(Dataset excerpts)
- - -

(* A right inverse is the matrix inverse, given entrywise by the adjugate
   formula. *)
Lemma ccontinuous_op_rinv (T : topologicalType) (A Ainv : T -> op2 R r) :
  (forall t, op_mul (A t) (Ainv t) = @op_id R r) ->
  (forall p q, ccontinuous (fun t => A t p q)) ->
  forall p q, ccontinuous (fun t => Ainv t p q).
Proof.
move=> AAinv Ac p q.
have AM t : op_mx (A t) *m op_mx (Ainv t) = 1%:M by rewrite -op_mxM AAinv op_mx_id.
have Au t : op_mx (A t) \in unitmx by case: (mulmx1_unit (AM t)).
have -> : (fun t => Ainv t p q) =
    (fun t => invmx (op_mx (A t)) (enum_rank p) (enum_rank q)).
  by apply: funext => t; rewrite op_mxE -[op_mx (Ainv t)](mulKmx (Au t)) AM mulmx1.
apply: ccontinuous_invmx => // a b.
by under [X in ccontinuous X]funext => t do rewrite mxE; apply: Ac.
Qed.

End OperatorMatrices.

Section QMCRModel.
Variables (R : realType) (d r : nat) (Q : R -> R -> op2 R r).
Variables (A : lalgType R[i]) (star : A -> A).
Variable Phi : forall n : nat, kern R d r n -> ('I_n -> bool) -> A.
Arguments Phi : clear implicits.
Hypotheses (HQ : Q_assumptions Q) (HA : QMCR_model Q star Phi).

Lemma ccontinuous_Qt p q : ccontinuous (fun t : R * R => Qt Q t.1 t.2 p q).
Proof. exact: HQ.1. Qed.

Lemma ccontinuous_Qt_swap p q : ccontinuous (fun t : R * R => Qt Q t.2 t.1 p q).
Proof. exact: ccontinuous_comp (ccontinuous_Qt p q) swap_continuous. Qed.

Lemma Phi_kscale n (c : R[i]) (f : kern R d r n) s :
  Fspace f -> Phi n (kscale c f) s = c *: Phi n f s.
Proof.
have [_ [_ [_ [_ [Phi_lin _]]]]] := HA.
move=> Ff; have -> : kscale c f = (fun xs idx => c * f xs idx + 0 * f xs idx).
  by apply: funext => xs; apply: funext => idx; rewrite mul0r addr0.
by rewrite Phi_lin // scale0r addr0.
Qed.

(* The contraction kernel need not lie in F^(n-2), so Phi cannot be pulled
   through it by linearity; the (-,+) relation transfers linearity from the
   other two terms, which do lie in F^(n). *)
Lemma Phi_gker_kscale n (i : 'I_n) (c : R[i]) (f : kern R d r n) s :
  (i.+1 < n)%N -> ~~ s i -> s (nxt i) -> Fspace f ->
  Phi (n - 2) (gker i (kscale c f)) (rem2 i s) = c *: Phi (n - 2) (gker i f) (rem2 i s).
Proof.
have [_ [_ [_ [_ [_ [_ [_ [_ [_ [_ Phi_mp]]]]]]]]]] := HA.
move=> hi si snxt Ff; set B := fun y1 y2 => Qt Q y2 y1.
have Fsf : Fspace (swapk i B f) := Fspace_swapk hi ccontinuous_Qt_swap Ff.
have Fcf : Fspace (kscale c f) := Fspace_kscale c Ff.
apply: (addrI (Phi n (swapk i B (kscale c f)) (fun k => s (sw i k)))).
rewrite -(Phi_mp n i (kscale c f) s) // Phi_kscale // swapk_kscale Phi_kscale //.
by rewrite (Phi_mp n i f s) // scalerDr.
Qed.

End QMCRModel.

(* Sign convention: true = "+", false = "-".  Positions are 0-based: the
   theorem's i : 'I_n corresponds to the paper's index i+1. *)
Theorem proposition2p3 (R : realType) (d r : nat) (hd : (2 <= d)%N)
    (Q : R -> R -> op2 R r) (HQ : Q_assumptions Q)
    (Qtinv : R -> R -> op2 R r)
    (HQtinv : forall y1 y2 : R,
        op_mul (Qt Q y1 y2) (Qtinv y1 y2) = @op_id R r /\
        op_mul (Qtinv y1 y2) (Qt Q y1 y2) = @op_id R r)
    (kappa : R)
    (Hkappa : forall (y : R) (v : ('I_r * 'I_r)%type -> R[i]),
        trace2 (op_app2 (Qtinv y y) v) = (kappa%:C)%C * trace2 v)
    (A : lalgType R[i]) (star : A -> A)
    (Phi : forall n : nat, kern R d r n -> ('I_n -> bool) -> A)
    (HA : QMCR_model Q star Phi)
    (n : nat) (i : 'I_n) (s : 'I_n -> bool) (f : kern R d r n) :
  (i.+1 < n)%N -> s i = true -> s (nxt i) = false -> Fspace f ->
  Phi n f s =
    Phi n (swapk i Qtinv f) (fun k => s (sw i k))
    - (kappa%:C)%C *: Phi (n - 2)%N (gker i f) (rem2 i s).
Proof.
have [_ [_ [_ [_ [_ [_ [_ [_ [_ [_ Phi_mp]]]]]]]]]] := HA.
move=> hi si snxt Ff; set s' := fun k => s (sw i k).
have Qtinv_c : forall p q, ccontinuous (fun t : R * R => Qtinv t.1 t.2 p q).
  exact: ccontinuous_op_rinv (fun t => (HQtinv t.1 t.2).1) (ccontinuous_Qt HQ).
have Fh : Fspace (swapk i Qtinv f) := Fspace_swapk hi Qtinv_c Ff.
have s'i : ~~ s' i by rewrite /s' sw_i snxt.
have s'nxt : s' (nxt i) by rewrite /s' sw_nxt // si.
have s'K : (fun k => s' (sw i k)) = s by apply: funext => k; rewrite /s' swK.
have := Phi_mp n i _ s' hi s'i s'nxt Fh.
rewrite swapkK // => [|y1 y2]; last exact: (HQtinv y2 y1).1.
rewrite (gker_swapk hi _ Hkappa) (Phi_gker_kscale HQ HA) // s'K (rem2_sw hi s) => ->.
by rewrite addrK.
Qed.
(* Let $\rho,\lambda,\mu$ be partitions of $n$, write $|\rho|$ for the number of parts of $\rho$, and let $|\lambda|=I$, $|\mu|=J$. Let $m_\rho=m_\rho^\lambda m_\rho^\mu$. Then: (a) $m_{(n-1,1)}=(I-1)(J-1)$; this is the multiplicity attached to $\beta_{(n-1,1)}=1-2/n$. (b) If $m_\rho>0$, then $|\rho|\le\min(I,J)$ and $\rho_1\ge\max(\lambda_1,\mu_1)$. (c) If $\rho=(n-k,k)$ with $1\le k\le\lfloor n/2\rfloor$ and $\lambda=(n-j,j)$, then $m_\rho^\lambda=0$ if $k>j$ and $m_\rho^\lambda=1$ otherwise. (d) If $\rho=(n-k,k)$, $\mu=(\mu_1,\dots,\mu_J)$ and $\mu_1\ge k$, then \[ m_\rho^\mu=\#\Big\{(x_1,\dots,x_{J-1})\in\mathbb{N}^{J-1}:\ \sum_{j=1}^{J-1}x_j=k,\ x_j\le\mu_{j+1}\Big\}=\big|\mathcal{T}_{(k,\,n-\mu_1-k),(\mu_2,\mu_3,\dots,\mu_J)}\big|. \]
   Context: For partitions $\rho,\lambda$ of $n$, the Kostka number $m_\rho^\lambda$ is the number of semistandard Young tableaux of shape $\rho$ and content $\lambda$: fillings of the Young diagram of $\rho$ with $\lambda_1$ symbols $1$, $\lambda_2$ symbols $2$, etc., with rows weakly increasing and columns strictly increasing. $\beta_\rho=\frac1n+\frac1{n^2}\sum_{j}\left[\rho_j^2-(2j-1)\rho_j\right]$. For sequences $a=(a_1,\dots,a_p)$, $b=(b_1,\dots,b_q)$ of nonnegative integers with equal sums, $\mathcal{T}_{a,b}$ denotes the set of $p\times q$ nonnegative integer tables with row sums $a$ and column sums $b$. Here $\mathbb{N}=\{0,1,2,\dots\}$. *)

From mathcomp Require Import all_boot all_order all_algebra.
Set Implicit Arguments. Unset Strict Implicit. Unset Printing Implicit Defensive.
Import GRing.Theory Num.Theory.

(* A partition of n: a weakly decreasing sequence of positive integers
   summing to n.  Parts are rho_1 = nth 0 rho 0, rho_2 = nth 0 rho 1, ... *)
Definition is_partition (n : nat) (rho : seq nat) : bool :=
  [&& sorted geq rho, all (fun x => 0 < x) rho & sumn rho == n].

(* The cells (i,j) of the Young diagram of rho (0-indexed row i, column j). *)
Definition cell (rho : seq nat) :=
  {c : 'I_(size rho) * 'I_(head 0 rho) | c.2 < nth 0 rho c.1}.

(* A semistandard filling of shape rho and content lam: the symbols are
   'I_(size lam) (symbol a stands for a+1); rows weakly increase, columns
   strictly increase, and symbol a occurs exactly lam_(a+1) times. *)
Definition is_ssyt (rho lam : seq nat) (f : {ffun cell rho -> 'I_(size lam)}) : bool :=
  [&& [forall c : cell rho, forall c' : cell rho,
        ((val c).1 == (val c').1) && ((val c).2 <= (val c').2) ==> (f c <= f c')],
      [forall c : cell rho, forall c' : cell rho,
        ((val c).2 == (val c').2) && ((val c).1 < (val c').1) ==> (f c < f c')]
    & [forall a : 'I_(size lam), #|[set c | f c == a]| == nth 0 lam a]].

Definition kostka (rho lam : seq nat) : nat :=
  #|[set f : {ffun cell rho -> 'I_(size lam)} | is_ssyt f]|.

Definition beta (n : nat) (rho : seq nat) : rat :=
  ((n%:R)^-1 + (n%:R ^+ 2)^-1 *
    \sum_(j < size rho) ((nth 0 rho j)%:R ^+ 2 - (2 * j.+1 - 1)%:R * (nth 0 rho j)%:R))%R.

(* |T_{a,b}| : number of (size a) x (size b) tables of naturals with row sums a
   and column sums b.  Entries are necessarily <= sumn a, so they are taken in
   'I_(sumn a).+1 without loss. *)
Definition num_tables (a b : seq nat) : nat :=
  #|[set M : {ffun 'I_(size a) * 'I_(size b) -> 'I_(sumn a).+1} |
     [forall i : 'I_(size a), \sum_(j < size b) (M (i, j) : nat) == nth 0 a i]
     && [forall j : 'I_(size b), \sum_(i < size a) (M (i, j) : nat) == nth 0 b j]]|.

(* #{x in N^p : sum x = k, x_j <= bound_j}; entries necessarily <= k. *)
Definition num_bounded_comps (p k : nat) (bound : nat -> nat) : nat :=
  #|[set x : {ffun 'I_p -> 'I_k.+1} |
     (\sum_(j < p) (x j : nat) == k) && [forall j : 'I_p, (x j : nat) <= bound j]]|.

- - -

* **What the task requires**:
Please print verbatim each line from the first line of the entries above to the line that contains "other two terms, which do lie in F^(n). *)", inclusive, and nothing more.

* **Task solution**:
(* A right inverse is the matrix inverse, given entrywise by the adjugate
   formula. *)
Lemma ccontinuous_op_rinv (T : topologicalType) (A Ainv : T -> op2 R r) :
  (forall t, op_mul (A t) (Ainv t) = @op_id R r) ->
  (forall p q, ccontinuous (fun t => A t p q)) ->
  forall p q, ccontinuous (fun t => Ainv t p q).
Proof.
move=> AAinv Ac p q.
have AM t : op_mx (A t) *m op_mx (Ainv t) = 1%:M by rewrite -op_mxM AAinv op_mx_id.
have Au t : op_mx (A t) \in unitmx by case: (mulmx1_unit (AM t)).
have -> : (fun t => Ainv t p q) =
    (fun t => invmx (op_mx (A t)) (enum_rank p) (enum_rank q)).
  by apply: funext => t; rewrite op_mxE -[op_mx (Ainv t)](mulKmx (Au t)) AM mulmx1.
apply: ccontinuous_invmx => // a b.
by under [X in ccontinuous X]funext => t do rewrite mxE; apply: Ac.
Qed.

End OperatorMatrices.

Section QMCRModel.
Variables (R : realType) (d r : nat) (Q : R -> R -> op2 R r).
Variables (A : lalgType R[i]) (star : A -> A).
Variable Phi : forall n : nat, kern R d r n -> ('I_n -> bool) -> A.
Arguments Phi : clear implicits.
Hypotheses (HQ : Q_assumptions Q) (HA : QMCR_model Q star Phi).

Lemma ccontinuous_Qt p q : ccontinuous (fun t : R * R => Qt Q t.1 t.2 p q).
Proof. exact: HQ.1. Qed.

Lemma ccontinuous_Qt_swap p q : ccontinuous (fun t : R * R => Qt Q t.2 t.1 p q).
Proof. exact: ccontinuous_comp (ccontinuous_Qt p q) swap_continuous. Qed.

Lemma Phi_kscale n (c : R[i]) (f : kern R d r n) s :
  Fspace f -> Phi n (kscale c f) s = c *: Phi n f s.
Proof.
have [_ [_ [_ [_ [Phi_lin _]]]]] := HA.
move=> Ff; have -> : kscale c f = (fun xs idx => c * f xs idx + 0 * f xs idx).
  by apply: funext => xs; apply: funext => idx; rewrite mul0r addr0.
by rewrite Phi_lin // scale0r addr0.
Qed.

(* The contraction kernel need not lie in F^(n-2), so Phi cannot be pulled
   through it by linearity; the (-,+) relation transfers linearity from the
   other two terms, which do lie in F^(n). *)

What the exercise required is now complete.